Lemma bcoef_double_angle (M K x : R) : M <> 0 -> sin x <> 0 -> cos x <> 0 ->
  / sin (2 * x) * (((M - K + 1) * sin (K * x + x) - (M - K - 1) * sin (K * x - x)) / (M * sin x)
                   * sin (K * x))
  = (1 - cos (K * (2 * x))) / (M * (1 - cos (2 * x))) + (M - K) / M * (sin (K * (2 * x)) / sin (2 * x)).
Proof.
  intros hM hs hc.
  replace (K * (2 * x)) with (2 * (K * x)) by ring.
  rewrite sin_plus, sin_minus, !sin_2a, !cos_2a_sin.
  field. repeat split; try assumption. intro h. apply hs. nra.
Qed.

Lemma pcoef_trig (N k : nat) : (1 <= N)%nat ->
  let M := INR N + 2 in
  let phi := 2 * PI / M in
  pcoef N k = (1 - cos (INR k * phi)) / (M * (1 - cos phi))
              + (M - INR k) / M * (sin (INR k * phi) / sin phi).
Proof.
  intros HN M phi. pose proof PI_RGT_0. apply le_INR in HN. simpl in HN.
  assert (hx : 0 < PI / M <= PI / 3).
  { unfold M; split; [apply Rdiv_lt_0_compat; lra |].
    apply Rmult_le_compat_l; [lra | apply Rinv_le_contravar; lra]. }
  replace phi with (2 * (PI / M)) by (unfold phi; field; unfold M; lra).
  rewrite <- bcoef_double_angle.
  - unfold pcoef, bcoef. fold M.
    replace (2 * PI / M) with (2 * (PI / M)) by (unfold Rdiv; ring).
    replace ((INR k + 1) * PI / M) with (INR k * (PI / M) + PI / M) by (unfold Rdiv; ring).
    replace ((INR k - 1) * PI / M) with (INR k * (PI / M) - PI / M) by (unfold Rdiv; ring).
    replace (INR k * PI / M) with (INR k * (PI / M)) by (unfold Rdiv; ring).
    reflexivity.
  - unfold M; lra.
  - apply Rgt_not_eq, sin_gt_0; lra.
  - apply Rgt_not_eq, cos_gt_0; lra.
Qed.

Lemma acoef_cis (M x : R) (k : nat) : M <> 0 -> sin x <> 0 -> cos x <> 1 ->
  acoef (RtoC M) (cis x) k
  = RtoC ((1 - cos (INR k * x)) / (M * (1 - cos x)) + (M - INR k) / M * (sin (INR k * x) / sin x)).
Proof.
  intros hM hs hc.
  assert (hc' : 1 - cos x <> 0) by lra.
  unfold acoef. rewrite cis_pow, cis_add_inv, cis_add_inv, cis_sub_inv, cis_sub_inv.
  rewrite RtoC_plus, !RtoC_mult, !RtoC_div, !RtoC_mult, !RtoC_minus by auto using Rmult_integral_contrapositive_currified.
  field; repeat split; try exact Ci_nz; try (apply RtoC_neq0; assumption).
  - rewrite <- RtoC_minus. apply RtoC_neq0. assumption.
  - rewrite <- RtoC_mult, <- RtoC_minus. apply RtoC_neq0. lra.
Qed.

Lemma pcoef_0 (N : nat) : pcoef N 0 = 0.
Proof. unfold pcoef. rewrite Rmult_0_l, Rdiv_0_l, sin_0. ring. Qed.

Lemma pcoef_succ (N : nat) : pcoef N (S N) = 0.
Proof.
  unfold pcoef, bcoef. rewrite S_INR.
  replace ((INR N + 1 + 1) * PI / (INR N + 2)) with PI by (field; pose proof (pos_INR N); lra).
  rewrite sin_PI. unfold Rdiv. ring.
Qed.

Lemma sum_f_R0_drop_ends (f : nat -> R) (n : nat) : f 0%nat = 0 -> f (S (S n)) = 0 ->
  sum_f_R0 f (S (S n)) = sum_f_R0 (fun j => f (S j)) n.
Proof.
  intros h0 hn. rewrite decomp_sum by lia. simpl pred.
  rewrite h0, Rplus_0_l. cbn [sum_f_R0]. rewrite hn, Rplus_0_r. reflexivity.
Qed.

Lemma P_re_im_csum (N : nat) (t : R) : (1 <= N)%nat ->
  (P_re N t, P_im N t) = csum (fun k => RtoC (pcoef N k) * cis t ^ k)%C (S N).
Proof.
  intro HN.
  assert (hlast : S (S (N - 1)) = S N) by lia.
  apply C_ext; rewrite ?csum_fst, ?csum_snd, <- hlast, sum_f_R0_drop_ends;
    try (rewrite ?hlast, ?pcoef_0, ?pcoef_succ; simpl; ring);
    apply sum_eq; intros j _; rewrite cis_pow; simpl; ring.
Qed.

Lemma pcoef_acoef (N k : nat) : (1 <= N)%nat ->
  RtoC (pcoef N k) = acoef (RtoC (INR N + 2)) (cis (2 * PI / (INR N + 2))) k.
Proof.
  intro HN. rewrite pcoef_trig by exact HN.
  pose proof PI_RGT_0. apply le_INR in HN as HN'. simpl in HN'.
  assert (hphi : 0 < 2 * PI / (INR N + 2) <= 2 * PI / 3).
  { split; [apply Rdiv_lt_0_compat; lra |].
    apply Rmult_le_compat_l; [lra | apply Rinv_le_contravar; lra]. }
  rewrite acoef_cis; [reflexivity | lra | apply Rgt_not_eq, sin_gt_0; lra |].
  apply Rlt_not_eq. rewrite <- cos_0. apply cos_decreasing_1; lra.
Qed.

Lemma sqr_add_cos_sin_swap (a b x : R) :
  (a + b * cos x) ^ 2 + (b * sin x) ^ 2 = (a * cos x + b) ^ 2 + (a * sin x) ^ 2.
Proof.
  pose proof (sin2_cos2 x) as h. unfold Rsqr in h.
  replace ((a + b * cos x) ^ 2 + (b * sin x) ^ 2)
    with (a ^ 2 + 2 * a * b * cos x + b ^ 2 * (sin x * sin x + cos x * cos x)) by ring.
  replace ((a * cos x + b) ^ 2 + (a * sin x) ^ 2)
    with (a ^ 2 * (sin x * sin x + cos x * cos x) + 2 * a * b * cos x + b ^ 2) by ring.
  rewrite h. ring.
Qed.

Lemma P_re_im_closed_form (N : nat) (t : R) :
  (1 <= N)%nat -> 0 < t < PI -> t <> 2 * PI / (INR N + 2) ->
  let M := INR N + 2 in
  let c := cos (2 * PI / M) in
  let b := 2 / M * ((1 - c) / (1 - cos t)) * (sin t / (cos t - c) ^ 2) * sin (M * t / 2) in
  (2 * (P_re N t, P_im N t))%C = (RtoC (/ (cos t - c)) + RtoC b * cis (M * t / 2))%C.
Proof.
  intros HN Ht Htphi M c b.
  pose proof PI_RGT_0. apply le_INR in HN as HM. simpl in HM.
  set (phi := 2 * PI / M) in *. change (t <> phi) in Htphi.
  assert (hphi : 0 < phi <= 2 * PI / 3).
  { split; [apply Rdiv_lt_0_compat; unfold M; lra |].
    apply Rmult_le_compat_l; [lra | apply Rinv_le_contravar; unfold M; lra]. }
  assert (hM0 : M <> 0) by (unfold M; lra).
  assert (hMS : INR (S (S N)) = M) by (rewrite !S_INR; unfold M; ring).
  assert (h1t : 1 - cos t <> 0).
  { apply Rgt_not_eq, Rgt_minus. rewrite <- cos_0. apply cos_decreasing_1; lra. }
  assert (htc : cos t - c <> 0).
  { intro h. apply Htphi. unfold c in h. apply cos_inj; lra. }
  rewrite P_re_im_csum by exact HN.
  erewrite csum_ext; [| intro k; rewrite pcoef_acoef by exact HN; reflexivity].
  fold M phi. rewrite <- hMS.
  pose proof (csum_acoef_period (S N) (cis phi) (cis t) (cis (M * t / 2))) as E. cbv zeta in E.
  rewrite E; clear E.
  - rewrite hMS, !cis_avg, cis_sin_mul. fold c.
    unfold b. rewrite !RtoC_mult, !RtoC_div, RtoC_inv, RtoC_pow, !RtoC_minus by auto using pow_nonzero.
    field; repeat split; [rewrite <- RtoC_minus .. | ]; apply RtoC_neq0; assumption.
  - rewrite cis_pow, hMS, <- cis_2PI. f_equal. unfold phi. field. exact hM0.
  - rewrite cis_pow, <- cis_add, hMS. f_equal. field.
  - apply cis_neq0.
  - apply cis_neq0.
  - rewrite <- cis_0. apply cis_neq; lra.
  - rewrite <- cis_add, <- cis_0. apply cis_neq; lra.
  - rewrite <- cis_0. apply cis_neq; lra.
  - rewrite <- cis_add, <- cis_0. apply cis_neq; lra.
  - apply cis_neq; lra.
Qed.

Theorem theorem2 (N : nat) (t : R) :
  (1 <= N)%nat ->
  0 < t < PI ->
  t <> 2 * PI / (INR N + 2) ->
  let M := INR N + 2 in
  let c := cos (2 * PI / M) in
  4 * P_abs2 N t =
    (cos (M * t / 2) / (cos t - c)
     + 2 / M * ((1 - c) / (1 - cos t)) * (sin t / (cos t - c) ^ 2) * sin (M * t / 2)) ^ 2
    + (sin (M * t / 2) / (cos t - c)) ^ 2.
Proof.
  intros HN Ht Htphi M c.
  pose proof (P_re_im_closed_form N t HN Ht Htphi) as E. cbv zeta in E. fold M c in E.
  set (b := 2 / M * ((1 - c) / (1 - cos t)) * (sin t / (cos t - c) ^ 2) * sin (M * t / 2)) in *.
  assert (hre := f_equal fst E). assert (him := f_equal snd E). simpl in hre, him.
  unfold P_abs2.
  replace (4 * (P_re N t ^ 2 + P_im N t ^ 2))
    with ((2 * P_re N t) ^ 2 + (2 * P_im N t) ^ 2) by ring.
  replace (2 * P_re N t) with (/ (cos t - c) + b * cos (M * t / 2)) by lra.
  replace (2 * P_im N t) with (b * sin (M * t / 2)) by lra.
  rewrite sqr_add_cos_sin_swap. unfold Rdiv. ring.
Qed.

» **About this exercise**: Above are the entries. Copy exactly the part that opens with the line containing "acoef (RtoC M) (cis x) k" and closes with the line containing "auto using Rmult_integral_contrapositive_currified.", and no more.

» **Response**:
  acoef (RtoC M) (cis x) k
  = RtoC ((1 - cos (INR k * x)) / (M * (1 - cos x)) + (M - INR k) / M * (sin (INR k * x) / sin x)).
Proof.
  intros hM hs hc.
  assert (hc' : 1 - cos x <> 0) by lra.
  unfold acoef. rewrite cis_pow, cis_add_inv, cis_add_inv, cis_sub_inv, cis_sub_inv.
  rewrite RtoC_plus, !RtoC_mult, !RtoC_div, !RtoC_mult, !RtoC_minus by auto using Rmult_integral_contrapositive_currified.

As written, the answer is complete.